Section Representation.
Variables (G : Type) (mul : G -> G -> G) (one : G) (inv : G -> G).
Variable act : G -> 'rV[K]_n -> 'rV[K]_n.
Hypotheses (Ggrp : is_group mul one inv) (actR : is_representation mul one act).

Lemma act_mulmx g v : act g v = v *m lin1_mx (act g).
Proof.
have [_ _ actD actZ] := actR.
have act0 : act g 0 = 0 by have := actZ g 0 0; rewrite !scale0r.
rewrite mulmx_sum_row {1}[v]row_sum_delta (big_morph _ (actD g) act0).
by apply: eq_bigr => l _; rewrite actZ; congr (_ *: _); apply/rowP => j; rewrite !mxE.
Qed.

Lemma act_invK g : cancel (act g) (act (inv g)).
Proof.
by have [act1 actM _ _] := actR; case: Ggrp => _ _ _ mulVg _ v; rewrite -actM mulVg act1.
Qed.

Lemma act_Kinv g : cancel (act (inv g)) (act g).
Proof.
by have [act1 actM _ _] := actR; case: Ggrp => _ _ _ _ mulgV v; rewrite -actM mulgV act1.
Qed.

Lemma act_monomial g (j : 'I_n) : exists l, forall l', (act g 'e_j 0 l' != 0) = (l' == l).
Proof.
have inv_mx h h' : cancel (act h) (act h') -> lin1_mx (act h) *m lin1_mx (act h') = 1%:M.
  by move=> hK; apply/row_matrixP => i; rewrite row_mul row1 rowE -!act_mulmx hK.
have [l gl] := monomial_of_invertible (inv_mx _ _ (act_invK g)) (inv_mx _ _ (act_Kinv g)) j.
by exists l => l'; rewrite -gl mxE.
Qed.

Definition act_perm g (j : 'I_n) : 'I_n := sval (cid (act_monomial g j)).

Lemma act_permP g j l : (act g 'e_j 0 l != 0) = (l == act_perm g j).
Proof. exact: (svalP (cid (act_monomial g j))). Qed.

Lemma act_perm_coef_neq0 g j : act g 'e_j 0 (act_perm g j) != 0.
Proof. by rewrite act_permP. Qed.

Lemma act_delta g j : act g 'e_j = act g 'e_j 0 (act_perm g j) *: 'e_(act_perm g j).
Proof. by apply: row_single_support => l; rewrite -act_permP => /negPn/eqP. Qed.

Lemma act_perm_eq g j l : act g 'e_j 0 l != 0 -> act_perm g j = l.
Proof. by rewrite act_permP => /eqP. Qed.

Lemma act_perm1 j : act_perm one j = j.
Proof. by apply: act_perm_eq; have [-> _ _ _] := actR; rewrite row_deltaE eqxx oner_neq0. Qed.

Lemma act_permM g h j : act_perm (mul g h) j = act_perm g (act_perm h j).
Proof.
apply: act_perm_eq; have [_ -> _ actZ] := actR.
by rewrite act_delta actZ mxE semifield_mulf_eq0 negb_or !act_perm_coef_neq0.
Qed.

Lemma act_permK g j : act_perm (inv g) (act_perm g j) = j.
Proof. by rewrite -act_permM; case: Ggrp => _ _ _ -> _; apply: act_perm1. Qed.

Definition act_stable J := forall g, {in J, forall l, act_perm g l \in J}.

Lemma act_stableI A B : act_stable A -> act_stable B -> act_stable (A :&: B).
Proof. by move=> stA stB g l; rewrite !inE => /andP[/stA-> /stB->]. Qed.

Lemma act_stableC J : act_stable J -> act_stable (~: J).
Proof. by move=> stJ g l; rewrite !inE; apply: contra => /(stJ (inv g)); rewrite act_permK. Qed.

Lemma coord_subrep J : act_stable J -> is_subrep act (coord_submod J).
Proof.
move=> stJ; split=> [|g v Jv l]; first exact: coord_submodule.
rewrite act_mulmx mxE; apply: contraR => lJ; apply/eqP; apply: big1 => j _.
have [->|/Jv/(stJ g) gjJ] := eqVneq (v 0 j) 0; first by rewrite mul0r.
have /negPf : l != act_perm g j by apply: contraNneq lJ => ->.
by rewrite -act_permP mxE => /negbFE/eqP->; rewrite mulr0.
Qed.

++++++++++++++++++++

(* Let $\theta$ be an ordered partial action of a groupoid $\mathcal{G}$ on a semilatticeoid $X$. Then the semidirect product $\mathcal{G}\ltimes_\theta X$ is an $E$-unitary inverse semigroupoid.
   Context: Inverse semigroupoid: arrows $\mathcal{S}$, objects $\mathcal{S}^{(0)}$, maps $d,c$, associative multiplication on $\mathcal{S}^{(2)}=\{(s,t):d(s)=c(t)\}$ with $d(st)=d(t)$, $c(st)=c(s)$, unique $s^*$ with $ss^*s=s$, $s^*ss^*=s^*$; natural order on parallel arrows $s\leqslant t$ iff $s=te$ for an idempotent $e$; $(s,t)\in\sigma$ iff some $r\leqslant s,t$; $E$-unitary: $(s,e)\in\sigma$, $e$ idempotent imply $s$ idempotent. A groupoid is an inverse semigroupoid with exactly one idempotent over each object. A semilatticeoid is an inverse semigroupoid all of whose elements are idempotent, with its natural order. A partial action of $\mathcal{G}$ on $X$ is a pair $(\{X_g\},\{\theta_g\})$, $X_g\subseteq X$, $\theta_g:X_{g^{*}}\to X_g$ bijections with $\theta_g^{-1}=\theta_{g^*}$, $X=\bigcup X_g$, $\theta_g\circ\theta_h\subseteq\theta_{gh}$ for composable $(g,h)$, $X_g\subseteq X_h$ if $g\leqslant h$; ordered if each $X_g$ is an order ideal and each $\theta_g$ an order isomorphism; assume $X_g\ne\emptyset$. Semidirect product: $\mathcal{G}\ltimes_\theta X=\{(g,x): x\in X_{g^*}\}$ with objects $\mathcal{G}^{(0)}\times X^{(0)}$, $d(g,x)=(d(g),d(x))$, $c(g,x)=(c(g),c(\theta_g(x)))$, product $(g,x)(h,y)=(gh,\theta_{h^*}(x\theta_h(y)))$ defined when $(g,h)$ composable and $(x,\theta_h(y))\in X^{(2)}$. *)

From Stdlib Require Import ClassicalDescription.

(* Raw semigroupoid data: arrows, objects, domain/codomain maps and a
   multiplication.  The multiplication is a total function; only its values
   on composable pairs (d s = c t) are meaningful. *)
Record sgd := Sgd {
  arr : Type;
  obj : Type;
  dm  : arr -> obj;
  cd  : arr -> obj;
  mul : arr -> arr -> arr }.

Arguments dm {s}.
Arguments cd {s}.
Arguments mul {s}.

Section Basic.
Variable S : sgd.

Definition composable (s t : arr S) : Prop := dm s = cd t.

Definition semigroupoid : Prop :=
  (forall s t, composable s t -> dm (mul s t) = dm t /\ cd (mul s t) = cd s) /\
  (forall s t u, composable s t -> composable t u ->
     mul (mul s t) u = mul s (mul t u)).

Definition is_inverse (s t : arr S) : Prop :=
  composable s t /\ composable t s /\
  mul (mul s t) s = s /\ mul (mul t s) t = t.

++++++++++++++++++++

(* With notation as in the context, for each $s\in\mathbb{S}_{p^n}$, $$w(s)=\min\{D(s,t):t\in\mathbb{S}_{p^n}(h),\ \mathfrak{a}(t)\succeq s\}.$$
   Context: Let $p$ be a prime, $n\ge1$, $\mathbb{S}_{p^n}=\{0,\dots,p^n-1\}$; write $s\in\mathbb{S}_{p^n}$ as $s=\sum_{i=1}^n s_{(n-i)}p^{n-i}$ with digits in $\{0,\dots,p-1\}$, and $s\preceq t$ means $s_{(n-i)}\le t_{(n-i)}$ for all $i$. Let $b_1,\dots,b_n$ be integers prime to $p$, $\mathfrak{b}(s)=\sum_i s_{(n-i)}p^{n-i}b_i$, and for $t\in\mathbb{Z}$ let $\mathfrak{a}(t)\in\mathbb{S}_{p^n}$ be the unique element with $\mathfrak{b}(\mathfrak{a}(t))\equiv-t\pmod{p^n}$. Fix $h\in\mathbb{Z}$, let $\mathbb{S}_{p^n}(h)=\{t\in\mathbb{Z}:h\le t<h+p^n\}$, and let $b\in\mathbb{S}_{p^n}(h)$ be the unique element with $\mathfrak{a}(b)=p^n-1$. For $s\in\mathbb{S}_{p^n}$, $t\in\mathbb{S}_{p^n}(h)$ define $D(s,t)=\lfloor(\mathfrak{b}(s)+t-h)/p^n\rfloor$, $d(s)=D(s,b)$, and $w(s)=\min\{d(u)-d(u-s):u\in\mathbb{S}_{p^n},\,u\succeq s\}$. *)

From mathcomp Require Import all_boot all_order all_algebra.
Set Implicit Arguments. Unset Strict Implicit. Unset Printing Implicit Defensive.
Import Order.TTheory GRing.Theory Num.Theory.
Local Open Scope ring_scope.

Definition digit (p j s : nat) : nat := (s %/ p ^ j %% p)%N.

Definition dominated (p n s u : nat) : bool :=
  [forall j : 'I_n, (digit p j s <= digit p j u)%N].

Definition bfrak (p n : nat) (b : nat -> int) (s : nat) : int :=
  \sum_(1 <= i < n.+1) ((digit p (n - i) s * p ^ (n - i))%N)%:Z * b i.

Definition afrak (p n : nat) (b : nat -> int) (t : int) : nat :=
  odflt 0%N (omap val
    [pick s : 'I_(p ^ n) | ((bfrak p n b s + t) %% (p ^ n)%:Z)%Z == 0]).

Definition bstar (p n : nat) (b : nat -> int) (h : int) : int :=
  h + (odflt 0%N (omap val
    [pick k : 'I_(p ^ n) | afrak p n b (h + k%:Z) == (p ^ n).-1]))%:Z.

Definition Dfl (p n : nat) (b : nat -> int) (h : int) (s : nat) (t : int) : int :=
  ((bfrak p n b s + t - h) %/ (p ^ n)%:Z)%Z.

++++++++++++++++++++

> How to complete this task
Please give back exactly the lines of this listing beginning at the line with "h + (odflt 0%N (omap val" and ending with the line with "((bfrak p n b s + t - h) %/ (p ^ n)%:Z)%Z.", both included, and nothing else.

> Expected answer
  h + (odflt 0%N (omap val
    [pick k : 'I_(p ^ n) | afrak p n b (h + k%:Z) == (p ^ n).-1]))%:Z.

Definition Dfl (p n : nat) (b : nat -> int) (h : int) (s : nat) (t : int) : int :=
  ((bfrak p n b s + t - h) %/ (p ^ n)%:Z)%Z.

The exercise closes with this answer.